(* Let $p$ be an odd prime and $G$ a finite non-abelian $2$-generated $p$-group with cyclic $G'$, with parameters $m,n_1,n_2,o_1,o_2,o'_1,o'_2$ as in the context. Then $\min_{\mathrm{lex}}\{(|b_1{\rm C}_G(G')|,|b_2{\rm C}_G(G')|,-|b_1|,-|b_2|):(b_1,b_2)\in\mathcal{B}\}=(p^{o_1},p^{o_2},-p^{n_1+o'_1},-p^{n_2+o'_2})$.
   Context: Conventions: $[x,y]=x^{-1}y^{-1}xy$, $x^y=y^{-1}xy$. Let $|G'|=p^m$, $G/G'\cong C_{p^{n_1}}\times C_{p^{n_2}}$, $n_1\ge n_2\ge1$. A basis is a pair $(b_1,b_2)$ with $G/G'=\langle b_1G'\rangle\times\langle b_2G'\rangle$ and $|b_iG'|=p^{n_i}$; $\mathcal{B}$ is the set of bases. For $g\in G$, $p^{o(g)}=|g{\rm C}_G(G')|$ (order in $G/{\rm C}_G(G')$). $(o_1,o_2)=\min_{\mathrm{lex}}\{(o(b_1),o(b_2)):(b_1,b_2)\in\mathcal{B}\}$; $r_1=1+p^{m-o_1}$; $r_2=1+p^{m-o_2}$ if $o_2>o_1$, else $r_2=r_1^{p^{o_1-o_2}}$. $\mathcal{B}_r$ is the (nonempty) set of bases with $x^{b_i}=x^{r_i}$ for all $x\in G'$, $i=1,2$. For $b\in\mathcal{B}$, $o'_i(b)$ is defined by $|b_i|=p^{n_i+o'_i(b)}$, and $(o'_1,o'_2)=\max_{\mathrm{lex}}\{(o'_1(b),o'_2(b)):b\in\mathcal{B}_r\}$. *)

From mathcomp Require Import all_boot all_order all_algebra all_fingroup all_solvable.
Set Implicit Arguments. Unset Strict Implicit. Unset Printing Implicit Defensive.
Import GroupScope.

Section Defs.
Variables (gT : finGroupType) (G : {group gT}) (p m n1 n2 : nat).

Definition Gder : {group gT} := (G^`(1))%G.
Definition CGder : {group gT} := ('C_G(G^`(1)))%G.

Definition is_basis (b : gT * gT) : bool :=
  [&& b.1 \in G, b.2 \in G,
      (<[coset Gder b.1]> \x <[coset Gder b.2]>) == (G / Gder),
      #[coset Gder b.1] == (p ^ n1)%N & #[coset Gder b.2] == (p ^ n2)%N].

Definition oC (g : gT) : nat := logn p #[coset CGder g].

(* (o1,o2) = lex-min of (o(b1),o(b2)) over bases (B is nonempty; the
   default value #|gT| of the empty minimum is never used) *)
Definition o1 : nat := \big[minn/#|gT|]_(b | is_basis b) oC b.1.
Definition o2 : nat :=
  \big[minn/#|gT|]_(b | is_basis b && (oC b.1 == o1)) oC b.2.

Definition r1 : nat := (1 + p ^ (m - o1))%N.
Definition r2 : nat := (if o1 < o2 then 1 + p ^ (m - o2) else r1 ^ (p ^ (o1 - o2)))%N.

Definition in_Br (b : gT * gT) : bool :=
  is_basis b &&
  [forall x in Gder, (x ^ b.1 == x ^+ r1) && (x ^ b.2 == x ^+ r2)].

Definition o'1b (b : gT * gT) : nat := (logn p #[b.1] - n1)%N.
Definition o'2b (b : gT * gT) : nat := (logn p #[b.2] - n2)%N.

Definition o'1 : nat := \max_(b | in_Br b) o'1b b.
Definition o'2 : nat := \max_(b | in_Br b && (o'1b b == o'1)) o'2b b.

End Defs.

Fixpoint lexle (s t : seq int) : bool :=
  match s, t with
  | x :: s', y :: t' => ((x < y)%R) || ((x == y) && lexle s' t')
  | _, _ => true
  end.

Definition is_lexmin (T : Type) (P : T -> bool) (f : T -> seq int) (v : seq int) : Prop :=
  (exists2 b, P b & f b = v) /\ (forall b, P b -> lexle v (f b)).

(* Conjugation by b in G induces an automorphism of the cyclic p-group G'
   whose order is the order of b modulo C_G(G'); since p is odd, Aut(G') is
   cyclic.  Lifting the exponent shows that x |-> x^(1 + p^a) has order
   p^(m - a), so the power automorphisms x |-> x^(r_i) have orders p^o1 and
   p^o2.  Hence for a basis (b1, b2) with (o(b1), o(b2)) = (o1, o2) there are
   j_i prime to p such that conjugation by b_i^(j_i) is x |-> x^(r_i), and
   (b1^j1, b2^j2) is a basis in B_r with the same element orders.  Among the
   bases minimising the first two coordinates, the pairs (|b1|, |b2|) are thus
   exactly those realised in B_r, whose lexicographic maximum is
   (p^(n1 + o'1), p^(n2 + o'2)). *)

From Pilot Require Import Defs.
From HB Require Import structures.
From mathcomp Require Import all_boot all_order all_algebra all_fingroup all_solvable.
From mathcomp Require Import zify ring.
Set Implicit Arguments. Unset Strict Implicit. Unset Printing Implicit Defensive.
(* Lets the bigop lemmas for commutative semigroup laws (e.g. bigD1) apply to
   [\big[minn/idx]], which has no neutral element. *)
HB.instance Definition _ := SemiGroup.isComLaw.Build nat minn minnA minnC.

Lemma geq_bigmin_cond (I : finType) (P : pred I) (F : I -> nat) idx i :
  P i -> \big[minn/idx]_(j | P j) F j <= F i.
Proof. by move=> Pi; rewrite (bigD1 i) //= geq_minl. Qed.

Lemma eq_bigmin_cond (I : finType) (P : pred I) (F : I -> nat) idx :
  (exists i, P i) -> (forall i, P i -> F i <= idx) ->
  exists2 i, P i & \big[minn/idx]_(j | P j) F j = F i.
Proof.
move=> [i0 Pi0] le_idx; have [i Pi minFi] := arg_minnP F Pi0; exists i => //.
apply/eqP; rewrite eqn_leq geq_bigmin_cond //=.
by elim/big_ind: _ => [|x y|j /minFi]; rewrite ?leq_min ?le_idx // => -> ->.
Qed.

****************************************

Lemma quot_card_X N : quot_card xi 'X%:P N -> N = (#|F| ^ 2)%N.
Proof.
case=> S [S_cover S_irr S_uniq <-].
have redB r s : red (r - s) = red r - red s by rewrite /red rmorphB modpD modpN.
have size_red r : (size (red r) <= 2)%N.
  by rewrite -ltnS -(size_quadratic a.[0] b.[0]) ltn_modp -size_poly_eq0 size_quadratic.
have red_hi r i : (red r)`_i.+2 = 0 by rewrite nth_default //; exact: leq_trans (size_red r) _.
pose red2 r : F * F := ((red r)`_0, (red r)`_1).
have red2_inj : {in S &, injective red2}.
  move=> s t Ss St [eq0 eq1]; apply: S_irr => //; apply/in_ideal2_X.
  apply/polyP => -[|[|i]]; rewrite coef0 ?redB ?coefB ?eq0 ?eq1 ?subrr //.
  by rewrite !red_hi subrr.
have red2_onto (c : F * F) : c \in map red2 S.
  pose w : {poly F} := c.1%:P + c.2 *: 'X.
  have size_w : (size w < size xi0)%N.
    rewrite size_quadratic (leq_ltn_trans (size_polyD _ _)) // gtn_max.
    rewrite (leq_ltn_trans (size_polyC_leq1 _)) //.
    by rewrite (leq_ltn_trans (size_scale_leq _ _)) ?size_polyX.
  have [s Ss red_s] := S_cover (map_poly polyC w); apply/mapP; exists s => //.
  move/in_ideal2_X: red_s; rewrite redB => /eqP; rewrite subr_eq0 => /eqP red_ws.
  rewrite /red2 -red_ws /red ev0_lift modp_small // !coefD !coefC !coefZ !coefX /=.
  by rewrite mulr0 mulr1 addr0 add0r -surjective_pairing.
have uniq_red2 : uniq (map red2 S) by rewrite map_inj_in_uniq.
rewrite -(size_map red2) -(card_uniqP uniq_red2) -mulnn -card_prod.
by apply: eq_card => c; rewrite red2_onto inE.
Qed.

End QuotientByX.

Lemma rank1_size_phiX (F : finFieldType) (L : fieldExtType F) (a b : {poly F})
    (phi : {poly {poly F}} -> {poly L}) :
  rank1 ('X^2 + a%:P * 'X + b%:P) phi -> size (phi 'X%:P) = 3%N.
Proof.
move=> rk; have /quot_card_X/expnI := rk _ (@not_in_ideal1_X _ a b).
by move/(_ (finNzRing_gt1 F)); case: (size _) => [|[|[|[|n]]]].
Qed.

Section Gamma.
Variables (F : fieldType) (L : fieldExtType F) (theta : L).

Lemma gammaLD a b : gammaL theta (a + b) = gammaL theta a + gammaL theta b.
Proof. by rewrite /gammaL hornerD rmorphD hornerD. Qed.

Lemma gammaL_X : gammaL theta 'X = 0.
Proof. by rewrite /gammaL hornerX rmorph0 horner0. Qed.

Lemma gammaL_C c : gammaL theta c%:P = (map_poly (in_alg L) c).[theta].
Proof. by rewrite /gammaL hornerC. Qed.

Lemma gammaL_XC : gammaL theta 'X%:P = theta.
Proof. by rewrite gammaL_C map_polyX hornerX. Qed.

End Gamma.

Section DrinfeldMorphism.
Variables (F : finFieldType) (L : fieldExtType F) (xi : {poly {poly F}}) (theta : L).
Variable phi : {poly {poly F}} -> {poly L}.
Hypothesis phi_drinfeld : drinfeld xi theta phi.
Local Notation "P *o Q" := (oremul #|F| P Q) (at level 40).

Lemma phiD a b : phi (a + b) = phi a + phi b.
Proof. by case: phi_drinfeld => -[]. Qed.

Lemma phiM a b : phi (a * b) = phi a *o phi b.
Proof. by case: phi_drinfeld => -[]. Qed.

****************************************

- HOW TO COMPLETE THIS TASK
Wherever the line holding "(* (o1,o2) = lex-min" falls in the entries above, copy exactly from it through the line holding "Definition r1 : nat := (1 + p ^ (m - o1))%N.", inclusive, and add nothing.

- RESPONSE TO THE TASK
(* (o1,o2) = lex-min of (o(b1),o(b2)) over bases (B is nonempty; the
   default value #|gT| of the empty minimum is never used) *)
Definition o1 : nat := \big[minn/#|gT|]_(b | is_basis b) oC b.1.
Definition o2 : nat :=
  \big[minn/#|gT|]_(b | is_basis b && (oC b.1 == o1)) oC b.2.

Definition r1 : nat := (1 + p ^ (m - o1))%N.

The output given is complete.